## Exercise prompt
Retype the entries in full, exactly.

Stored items
○ ○ ○ ○
(* ---------- Generic: maps given by flags modulo an equivalence ----------
   The flags of the quotient map E/K are the classes of [eqv]; the involutions
   descend to the quotient.  A map automorphism of E/K is a bijection of its
   flags commuting with the three involutions; we represent it by a function g
   on representatives which respects classes and induces such a bijection. *)
Definition is_qaut {F : Type} (eqv : F -> F -> Prop) (q0 q1 q2 : F -> F) (g : F -> F) : Prop :=
  (forall x y, eqv x y -> eqv (g x) (g y)) /\
  (forall x y, eqv (g x) (g y) -> eqv x y) /\
  (forall y, exists x, eqv (g x) y) /\
  (forall x, eqv (g (q0 x)) (q0 (g x))) /\
  (forall x, eqv (g (q1 x)) (q1 (g x))) /\
  (forall x, eqv (g (q2 x)) (q2 (g x))).

(* flags x, y of E/K lie on the same edge (edges = <q0,q2>-orbits of flags) *)
Definition same_edge {F : Type} (eqv : F -> F -> Prop) (q0 q2 : F -> F) (x y : F) : Prop :=
  eqv x y \/ eqv (q0 x) y \/ eqv (q2 x) y \/ eqv (q0 (q2 x)) y.

Definition edge_orbit_rel {F : Type} (eqv : F -> F -> Prop) (q0 q1 q2 : F -> F) (x y : F) : Prop :=
  exists g, is_qaut eqv q0 q1 q2 g /\ same_edge eqv q0 q2 (g x) y.

Definition n_classes {F : Type} (R : F -> F -> Prop) (n : nat) : Prop :=
  exists xs : list F, length xs = n /\
    ForallOrdPairs (fun x y => ~ R x y) xs /\
    (forall y, exists x, In x xs /\ R x y).

Definition X6_edge_orbits (u v : Z * Z) (n : nat) : Prop :=
  n_classes (edge_orbit_rel (e6_eqv u v) r0 r1 r2) n.
Definition X6sharp_edge_orbits (u v : Z * Z) (n : nat) : Prop :=
  n_classes (edge_orbit_rel (sq_eqv u v) s0 s1 s2) n.

From Stdlib Require Import ZArith List Lia Bool Setoid Morphisms Classical.
Open Scope Z_scope.
Import ListNotations.

(* Every automorphism of E_6/K (or of E_6^#/K) is induced by an affine symmetry x |-> A x + t
   of the tiling whose linear part A, an element of D_4, preserves K: such a symmetry agrees
   with the automorphism on one flag, and the flag graph is connected.  Modulo translations the
   edges of E_6^# fall into two classes (horizontal, vertical), and those of E_6 into six: two
   classes of octagon-octagon edges and four of square edges, one for each quadrant in which
   the square lies as seen from the octagon.  Since -1 always preserves K, the edge orbits of
   X_6^# number a = 1 or 2 according as some A preserving K swaps the two axes or not, and
   those of X_6 number a + d, where d = 1 or 2 according as some A preserving K exchanges the
   two diagonals or not.  The four claims are then arithmetic in a, d in {1, 2}. *)

Section ClassCounting.
Context {F : Type} (R : F -> F -> Prop).

Lemma pairwise_unrelated_length_le (xs ys : list F) :
  (forall x y z, R x y -> R x z -> R y z) ->
  ForallOrdPairs (fun x y => ~ R x y) xs ->
  (forall x, In x xs -> exists y, In y ys /\ R y x) ->
  (length xs <= length ys)%nat.
Proof.
  intros Heucl Hxs. revert ys.
  induction Hxs as [|x xs Hx Hxs IH]; intros ys Hcover; simpl; [lia|].
  destruct (Hcover x (or_introl eq_refl)) as [y [Hy Hyx]].
  destruct (in_split _ _ Hy) as [l1 [l2 ->]].
  enough (length xs <= length (l1 ++ l2))%nat by (rewrite !length_app in *; simpl; lia).
  apply IH. intros x' Hx'.
  destruct (Hcover x' (or_intror Hx')) as [y' [Hy' Hy'x']].
  destruct (in_elt_inv _ _ _ _ Hy') as [-> | Hin]; [|now exists y'].
  rewrite Forall_forall in Hx. contradiction (Hx x' Hx' (Heucl _ _ _ Hyx Hy'x')).
Qed.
○ ○ ○ ○
## Exercise answer
(* ---------- Generic: maps given by flags modulo an equivalence ----------
   The flags of the quotient map E/K are the classes of [eqv]; the involutions
   descend to the quotient.  A map automorphism of E/K is a bijection of its
   flags commuting with the three involutions; we represent it by a function g
   on representatives which respects classes and induces such a bijection. *)
Definition is_qaut {F : Type} (eqv : F -> F -> Prop) (q0 q1 q2 : F -> F) (g : F -> F) : Prop :=
  (forall x y, eqv x y -> eqv (g x) (g y)) /\
  (forall x y, eqv (g x) (g y) -> eqv x y) /\
  (forall y, exists x, eqv (g x) y) /\
  (forall x, eqv (g (q0 x)) (q0 (g x))) /\
  (forall x, eqv (g (q1 x)) (q1 (g x))) /\
  (forall x, eqv (g (q2 x)) (q2 (g x))).

(* flags x, y of E/K lie on the same edge (edges = <q0,q2>-orbits of flags) *)
Definition same_edge {F : Type} (eqv : F -> F -> Prop) (q0 q2 : F -> F) (x y : F) : Prop :=
  eqv x y \/ eqv (q0 x) y \/ eqv (q2 x) y \/ eqv (q0 (q2 x)) y.

Definition edge_orbit_rel {F : Type} (eqv : F -> F -> Prop) (q0 q1 q2 : F -> F) (x y : F) : Prop :=
  exists g, is_qaut eqv q0 q1 q2 g /\ same_edge eqv q0 q2 (g x) y.

Definition n_classes {F : Type} (R : F -> F -> Prop) (n : nat) : Prop :=
  exists xs : list F, length xs = n /\
    ForallOrdPairs (fun x y => ~ R x y) xs /\
    (forall y, exists x, In x xs /\ R x y).

Definition X6_edge_orbits (u v : Z * Z) (n : nat) : Prop :=
  n_classes (edge_orbit_rel (e6_eqv u v) r0 r1 r2) n.
Definition X6sharp_edge_orbits (u v : Z * Z) (n : nat) : Prop :=
  n_classes (edge_orbit_rel (sq_eqv u v) s0 s1 s2) n.

From Stdlib Require Import ZArith List Lia Bool Setoid Morphisms Classical.
Open Scope Z_scope.
Import ListNotations.

(* Every automorphism of E_6/K (or of E_6^#/K) is induced by an affine symmetry x |-> A x + t
   of the tiling whose linear part A, an element of D_4, preserves K: such a symmetry agrees
   with the automorphism on one flag, and the flag graph is connected.  Modulo translations the
   edges of E_6^# fall into two classes (horizontal, vertical), and those of E_6 into six: two
   classes of octagon-octagon edges and four of square edges, one for each quadrant in which
   the square lies as seen from the octagon.  Since -1 always preserves K, the edge orbits of
   X_6^# number a = 1 or 2 according as some A preserving K swaps the two axes or not, and
   those of X_6 number a + d, where d = 1 or 2 according as some A preserving K exchanges the
   two diagonals or not.  The four claims are then arithmetic in a, d in {1, 2}. *)

Section ClassCounting.
Context {F : Type} (R : F -> F -> Prop).

Lemma pairwise_unrelated_length_le (xs ys : list F) :
  (forall x y z, R x y -> R x z -> R y z) ->
  ForallOrdPairs (fun x y => ~ R x y) xs ->
  (forall x, In x xs -> exists y, In y ys /\ R y x) ->
  (length xs <= length ys)%nat.
Proof.
  intros Heucl Hxs. revert ys.
  induction Hxs as [|x xs Hx Hxs IH]; intros ys Hcover; simpl; [lia|].
  destruct (Hcover x (or_introl eq_refl)) as [y [Hy Hyx]].
  destruct (in_split _ _ Hy) as [l1 [l2 ->]].
  enough (length xs <= length (l1 ++ l2))%nat by (rewrite !length_app in *; simpl; lia).
  apply IH. intros x' Hx'.
  destruct (Hcover x' (or_intror Hx')) as [y' [Hy' Hy'x']].
  destruct (in_elt_inv _ _ _ _ Hy') as [-> | Hin]; [|now exists y'].
  rewrite Forall_forall in Hx. contradiction (Hx x' Hx' (Heucl _ _ _ Hyx Hy'x')).
Qed.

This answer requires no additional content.